## What you are asked to do
Only lines that contain the word "Require" are to be returned from the data below.

## Data under study
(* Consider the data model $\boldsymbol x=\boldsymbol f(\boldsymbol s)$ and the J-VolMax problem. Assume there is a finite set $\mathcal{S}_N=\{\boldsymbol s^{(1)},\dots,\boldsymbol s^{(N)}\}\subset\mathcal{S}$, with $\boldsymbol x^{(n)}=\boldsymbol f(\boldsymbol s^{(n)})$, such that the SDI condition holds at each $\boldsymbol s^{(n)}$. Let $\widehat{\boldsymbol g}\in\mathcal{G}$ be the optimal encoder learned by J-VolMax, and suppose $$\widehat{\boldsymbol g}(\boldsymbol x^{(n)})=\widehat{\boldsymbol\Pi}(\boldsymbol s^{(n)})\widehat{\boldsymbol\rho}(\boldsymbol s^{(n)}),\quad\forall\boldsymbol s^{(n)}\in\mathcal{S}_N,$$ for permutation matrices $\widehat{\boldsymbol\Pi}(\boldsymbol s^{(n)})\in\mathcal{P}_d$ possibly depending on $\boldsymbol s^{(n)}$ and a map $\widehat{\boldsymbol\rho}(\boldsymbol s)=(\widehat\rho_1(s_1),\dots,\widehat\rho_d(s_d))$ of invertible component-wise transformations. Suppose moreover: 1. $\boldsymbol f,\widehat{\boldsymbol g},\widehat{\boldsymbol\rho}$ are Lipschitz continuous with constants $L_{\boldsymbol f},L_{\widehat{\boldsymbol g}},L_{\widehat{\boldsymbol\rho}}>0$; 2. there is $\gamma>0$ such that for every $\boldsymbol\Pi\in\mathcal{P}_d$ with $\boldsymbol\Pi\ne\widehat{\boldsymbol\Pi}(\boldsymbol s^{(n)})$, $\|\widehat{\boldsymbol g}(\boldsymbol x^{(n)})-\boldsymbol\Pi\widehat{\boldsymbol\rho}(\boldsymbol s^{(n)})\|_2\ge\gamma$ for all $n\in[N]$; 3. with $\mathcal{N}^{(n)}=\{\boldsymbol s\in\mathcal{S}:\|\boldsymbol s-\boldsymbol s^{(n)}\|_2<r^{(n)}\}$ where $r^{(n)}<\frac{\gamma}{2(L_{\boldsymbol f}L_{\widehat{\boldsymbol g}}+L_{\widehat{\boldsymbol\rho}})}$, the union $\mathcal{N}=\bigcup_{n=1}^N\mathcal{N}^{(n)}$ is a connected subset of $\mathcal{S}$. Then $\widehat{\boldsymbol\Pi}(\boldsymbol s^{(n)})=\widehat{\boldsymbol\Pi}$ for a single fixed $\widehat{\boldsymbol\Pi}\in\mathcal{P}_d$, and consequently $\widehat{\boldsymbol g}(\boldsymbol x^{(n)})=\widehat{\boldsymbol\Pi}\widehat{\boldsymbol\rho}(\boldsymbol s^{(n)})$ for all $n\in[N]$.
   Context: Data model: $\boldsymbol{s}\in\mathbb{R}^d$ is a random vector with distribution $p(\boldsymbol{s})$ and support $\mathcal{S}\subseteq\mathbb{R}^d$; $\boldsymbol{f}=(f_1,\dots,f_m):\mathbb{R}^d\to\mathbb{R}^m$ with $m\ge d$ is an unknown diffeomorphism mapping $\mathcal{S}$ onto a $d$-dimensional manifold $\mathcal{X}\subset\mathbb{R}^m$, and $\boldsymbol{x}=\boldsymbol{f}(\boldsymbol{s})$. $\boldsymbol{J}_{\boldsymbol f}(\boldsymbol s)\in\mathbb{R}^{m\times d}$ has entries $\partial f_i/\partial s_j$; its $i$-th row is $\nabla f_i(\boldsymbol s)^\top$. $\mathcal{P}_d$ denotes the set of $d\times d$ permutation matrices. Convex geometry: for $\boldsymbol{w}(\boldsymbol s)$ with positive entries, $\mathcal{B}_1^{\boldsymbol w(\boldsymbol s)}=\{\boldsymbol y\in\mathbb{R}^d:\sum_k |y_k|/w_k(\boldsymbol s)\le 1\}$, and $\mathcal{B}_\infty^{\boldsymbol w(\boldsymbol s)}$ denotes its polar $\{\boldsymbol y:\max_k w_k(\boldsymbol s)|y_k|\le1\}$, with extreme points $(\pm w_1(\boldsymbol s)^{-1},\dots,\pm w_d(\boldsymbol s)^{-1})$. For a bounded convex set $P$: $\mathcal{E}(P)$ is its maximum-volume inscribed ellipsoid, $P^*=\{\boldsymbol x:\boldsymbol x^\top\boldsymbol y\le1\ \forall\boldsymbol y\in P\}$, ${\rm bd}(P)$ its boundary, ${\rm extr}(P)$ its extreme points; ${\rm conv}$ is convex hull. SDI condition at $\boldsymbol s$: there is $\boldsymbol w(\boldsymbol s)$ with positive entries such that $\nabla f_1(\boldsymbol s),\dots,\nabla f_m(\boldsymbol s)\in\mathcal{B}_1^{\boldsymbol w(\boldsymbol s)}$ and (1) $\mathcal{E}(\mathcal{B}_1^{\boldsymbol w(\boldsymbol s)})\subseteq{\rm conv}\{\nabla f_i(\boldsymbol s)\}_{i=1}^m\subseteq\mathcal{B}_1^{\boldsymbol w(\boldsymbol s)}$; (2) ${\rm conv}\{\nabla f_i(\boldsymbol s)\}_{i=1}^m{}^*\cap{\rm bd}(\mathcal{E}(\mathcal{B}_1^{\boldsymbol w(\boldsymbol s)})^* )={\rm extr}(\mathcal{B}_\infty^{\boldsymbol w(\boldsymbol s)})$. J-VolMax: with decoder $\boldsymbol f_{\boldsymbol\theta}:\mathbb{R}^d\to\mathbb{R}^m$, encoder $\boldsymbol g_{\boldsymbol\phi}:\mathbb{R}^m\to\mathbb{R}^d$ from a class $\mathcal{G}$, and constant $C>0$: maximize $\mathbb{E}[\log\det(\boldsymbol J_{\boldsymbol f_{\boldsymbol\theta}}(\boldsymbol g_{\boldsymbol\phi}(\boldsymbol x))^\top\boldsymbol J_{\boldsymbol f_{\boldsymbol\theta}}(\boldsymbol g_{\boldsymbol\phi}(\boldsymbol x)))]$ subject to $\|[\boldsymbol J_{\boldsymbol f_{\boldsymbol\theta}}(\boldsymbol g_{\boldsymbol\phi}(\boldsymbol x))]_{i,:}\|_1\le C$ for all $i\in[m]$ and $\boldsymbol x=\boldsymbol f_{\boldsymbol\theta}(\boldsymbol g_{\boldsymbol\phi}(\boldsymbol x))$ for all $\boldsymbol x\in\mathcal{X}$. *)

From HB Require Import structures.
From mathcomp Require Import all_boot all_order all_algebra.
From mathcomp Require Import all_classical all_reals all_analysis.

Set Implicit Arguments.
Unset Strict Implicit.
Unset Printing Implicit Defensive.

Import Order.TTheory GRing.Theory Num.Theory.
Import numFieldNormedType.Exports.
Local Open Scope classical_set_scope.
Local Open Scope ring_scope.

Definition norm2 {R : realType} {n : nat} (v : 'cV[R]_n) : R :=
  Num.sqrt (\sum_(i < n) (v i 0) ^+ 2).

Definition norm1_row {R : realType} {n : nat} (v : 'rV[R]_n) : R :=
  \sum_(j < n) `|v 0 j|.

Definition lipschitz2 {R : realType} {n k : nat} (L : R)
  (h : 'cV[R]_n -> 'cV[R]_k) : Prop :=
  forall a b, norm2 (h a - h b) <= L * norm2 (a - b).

---

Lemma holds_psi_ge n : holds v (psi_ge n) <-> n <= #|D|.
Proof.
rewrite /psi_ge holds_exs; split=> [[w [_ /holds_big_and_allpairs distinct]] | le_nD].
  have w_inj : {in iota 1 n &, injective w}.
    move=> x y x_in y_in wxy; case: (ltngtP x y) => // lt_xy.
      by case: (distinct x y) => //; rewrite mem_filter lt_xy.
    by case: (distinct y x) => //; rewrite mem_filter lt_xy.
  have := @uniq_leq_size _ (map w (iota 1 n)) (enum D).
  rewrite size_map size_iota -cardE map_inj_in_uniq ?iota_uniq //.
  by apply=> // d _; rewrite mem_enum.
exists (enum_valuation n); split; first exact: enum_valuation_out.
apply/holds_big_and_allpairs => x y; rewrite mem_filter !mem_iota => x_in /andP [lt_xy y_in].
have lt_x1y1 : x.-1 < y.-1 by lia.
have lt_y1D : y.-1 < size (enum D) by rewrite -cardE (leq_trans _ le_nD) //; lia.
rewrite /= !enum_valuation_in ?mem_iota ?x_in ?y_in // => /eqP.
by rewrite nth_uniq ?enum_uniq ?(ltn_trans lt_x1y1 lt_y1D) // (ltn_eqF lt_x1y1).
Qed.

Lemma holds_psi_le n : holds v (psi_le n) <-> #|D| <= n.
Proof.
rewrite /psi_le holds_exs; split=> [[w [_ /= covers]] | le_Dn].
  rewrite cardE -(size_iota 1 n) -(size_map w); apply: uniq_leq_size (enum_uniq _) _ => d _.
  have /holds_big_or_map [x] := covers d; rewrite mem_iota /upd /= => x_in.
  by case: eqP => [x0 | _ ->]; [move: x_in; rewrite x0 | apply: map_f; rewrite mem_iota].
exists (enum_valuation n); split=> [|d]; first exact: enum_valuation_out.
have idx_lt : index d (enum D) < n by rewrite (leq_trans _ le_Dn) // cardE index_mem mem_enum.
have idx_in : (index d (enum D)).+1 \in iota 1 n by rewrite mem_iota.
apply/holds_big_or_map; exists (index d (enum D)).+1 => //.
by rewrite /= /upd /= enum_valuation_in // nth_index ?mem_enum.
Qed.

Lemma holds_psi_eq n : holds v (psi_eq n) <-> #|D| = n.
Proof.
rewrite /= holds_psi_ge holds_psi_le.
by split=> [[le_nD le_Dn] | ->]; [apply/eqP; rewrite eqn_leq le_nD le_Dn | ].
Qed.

--

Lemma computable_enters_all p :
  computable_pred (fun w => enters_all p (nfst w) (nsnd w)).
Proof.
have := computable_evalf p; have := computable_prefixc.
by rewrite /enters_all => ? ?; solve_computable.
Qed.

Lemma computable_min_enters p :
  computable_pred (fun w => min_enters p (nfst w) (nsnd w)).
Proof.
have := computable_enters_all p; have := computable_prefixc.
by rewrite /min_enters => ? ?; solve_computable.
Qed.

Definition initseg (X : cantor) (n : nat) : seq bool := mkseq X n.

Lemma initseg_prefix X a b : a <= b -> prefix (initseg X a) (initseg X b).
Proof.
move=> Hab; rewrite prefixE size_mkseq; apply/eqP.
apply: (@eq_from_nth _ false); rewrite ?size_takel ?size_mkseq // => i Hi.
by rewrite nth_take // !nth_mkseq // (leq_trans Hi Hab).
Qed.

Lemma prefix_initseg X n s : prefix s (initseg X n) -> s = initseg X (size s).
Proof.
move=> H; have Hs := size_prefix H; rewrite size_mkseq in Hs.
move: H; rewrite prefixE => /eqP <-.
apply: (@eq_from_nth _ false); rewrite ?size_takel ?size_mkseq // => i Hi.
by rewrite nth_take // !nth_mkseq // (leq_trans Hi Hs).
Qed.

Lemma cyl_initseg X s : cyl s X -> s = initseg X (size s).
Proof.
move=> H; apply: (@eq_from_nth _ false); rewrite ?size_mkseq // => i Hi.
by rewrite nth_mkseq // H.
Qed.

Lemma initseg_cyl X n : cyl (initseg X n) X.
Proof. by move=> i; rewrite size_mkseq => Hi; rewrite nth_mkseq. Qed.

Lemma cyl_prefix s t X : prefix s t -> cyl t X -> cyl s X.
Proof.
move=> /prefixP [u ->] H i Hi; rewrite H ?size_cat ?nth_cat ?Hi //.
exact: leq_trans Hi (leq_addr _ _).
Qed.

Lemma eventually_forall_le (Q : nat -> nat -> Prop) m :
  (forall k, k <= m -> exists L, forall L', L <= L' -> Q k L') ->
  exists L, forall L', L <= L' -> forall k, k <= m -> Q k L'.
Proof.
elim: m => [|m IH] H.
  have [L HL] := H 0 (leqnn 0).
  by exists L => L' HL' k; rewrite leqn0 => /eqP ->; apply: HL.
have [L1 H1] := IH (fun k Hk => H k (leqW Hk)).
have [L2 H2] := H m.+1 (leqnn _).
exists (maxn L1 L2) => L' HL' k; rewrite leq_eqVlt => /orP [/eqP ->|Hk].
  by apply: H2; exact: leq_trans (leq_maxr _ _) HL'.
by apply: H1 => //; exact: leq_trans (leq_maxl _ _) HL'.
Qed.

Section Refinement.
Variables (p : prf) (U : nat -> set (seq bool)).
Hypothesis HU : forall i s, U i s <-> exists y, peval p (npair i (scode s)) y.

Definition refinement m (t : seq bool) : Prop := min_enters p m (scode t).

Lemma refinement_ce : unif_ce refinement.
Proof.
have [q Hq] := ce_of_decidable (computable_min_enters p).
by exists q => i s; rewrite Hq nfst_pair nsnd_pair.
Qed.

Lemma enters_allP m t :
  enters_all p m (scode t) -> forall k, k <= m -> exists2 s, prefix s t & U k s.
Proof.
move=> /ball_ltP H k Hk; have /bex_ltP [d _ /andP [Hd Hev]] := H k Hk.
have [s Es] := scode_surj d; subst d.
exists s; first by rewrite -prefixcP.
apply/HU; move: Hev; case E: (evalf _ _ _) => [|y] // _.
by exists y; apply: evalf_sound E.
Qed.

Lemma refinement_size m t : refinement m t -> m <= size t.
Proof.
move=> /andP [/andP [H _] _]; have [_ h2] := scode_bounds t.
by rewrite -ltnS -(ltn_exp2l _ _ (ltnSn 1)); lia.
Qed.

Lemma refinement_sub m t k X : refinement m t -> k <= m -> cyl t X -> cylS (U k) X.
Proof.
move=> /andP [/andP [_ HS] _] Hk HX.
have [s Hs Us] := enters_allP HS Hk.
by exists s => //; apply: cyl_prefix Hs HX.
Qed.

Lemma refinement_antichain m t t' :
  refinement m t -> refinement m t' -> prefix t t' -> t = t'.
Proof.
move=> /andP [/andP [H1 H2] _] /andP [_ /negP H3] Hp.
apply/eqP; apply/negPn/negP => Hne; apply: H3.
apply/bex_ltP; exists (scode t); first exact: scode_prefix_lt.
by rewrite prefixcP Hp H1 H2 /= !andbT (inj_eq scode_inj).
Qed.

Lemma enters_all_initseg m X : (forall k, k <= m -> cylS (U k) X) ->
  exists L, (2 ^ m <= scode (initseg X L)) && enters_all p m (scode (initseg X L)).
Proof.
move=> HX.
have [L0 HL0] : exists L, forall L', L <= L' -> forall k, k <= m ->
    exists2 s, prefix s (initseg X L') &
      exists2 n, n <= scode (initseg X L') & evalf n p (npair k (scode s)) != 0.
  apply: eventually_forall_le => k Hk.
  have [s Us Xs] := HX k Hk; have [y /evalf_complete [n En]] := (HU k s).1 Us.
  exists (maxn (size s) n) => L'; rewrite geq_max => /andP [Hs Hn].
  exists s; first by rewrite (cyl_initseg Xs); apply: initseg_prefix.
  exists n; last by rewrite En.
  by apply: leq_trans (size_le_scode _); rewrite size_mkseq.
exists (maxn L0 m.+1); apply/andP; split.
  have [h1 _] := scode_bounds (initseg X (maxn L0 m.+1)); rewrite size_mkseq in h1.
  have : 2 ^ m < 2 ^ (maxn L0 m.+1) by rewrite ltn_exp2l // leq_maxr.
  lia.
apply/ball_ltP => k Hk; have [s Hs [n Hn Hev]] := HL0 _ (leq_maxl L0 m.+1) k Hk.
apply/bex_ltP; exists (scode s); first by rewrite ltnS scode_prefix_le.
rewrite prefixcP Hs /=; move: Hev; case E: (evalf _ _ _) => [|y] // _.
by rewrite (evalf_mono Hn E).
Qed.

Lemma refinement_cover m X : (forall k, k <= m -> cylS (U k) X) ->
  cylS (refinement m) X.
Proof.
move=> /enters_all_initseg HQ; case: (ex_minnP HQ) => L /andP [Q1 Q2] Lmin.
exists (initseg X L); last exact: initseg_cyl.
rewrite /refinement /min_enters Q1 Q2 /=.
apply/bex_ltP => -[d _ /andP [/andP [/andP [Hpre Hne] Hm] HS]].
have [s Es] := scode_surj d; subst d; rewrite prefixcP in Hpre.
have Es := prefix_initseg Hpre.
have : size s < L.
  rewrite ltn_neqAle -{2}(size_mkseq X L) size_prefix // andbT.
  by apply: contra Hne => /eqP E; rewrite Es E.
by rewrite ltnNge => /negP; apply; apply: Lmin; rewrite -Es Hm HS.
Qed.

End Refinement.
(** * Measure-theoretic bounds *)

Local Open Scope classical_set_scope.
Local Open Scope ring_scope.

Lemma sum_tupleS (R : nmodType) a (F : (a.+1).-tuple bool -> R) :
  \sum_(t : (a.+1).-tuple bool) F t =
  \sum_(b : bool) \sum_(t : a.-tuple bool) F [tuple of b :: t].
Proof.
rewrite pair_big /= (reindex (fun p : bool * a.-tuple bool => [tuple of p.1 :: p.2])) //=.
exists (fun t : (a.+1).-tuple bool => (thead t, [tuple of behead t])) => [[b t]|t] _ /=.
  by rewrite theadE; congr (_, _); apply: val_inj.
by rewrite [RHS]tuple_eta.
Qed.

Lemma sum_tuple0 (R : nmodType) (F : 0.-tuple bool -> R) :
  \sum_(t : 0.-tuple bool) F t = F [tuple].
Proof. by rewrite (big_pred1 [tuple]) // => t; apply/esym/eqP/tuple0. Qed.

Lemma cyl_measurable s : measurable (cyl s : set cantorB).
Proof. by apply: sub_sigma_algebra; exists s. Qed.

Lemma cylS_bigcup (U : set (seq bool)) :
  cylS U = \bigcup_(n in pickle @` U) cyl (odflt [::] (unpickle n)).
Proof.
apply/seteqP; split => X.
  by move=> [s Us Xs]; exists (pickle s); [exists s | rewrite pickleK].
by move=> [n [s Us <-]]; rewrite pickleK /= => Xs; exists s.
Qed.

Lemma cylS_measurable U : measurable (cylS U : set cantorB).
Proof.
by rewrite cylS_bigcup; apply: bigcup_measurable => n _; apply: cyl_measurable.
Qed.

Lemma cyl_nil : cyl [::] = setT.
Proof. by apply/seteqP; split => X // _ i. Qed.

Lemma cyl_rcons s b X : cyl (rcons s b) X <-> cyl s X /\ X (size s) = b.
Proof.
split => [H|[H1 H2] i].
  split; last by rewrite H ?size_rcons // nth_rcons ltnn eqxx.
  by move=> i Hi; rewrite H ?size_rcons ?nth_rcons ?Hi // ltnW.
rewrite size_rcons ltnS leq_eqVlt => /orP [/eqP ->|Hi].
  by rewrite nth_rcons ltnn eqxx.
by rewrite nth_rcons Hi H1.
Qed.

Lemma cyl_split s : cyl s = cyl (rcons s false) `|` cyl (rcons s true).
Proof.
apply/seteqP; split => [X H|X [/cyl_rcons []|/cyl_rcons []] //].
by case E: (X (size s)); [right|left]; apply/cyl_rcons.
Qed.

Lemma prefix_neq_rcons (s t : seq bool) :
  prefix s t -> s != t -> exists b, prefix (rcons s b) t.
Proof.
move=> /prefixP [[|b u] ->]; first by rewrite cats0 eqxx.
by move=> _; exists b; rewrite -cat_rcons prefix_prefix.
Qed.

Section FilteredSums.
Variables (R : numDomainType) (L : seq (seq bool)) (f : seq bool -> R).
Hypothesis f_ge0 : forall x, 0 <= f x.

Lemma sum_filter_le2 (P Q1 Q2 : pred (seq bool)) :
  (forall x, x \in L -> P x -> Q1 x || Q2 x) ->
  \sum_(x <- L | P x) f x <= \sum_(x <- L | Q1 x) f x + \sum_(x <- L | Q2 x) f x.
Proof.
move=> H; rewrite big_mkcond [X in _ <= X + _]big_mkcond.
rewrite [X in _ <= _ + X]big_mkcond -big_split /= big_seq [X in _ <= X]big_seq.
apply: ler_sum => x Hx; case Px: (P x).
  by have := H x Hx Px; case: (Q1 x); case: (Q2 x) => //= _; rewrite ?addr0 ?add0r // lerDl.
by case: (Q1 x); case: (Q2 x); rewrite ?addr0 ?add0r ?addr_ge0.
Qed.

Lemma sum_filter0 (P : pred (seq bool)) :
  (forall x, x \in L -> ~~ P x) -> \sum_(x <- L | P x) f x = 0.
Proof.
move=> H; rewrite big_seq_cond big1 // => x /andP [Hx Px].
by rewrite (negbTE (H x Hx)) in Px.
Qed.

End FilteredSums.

## Reply to the exercise
From HB Require Import structures.
From mathcomp Require Import all_boot all_order all_algebra.
From mathcomp Require Import all_classical all_reals all_analysis.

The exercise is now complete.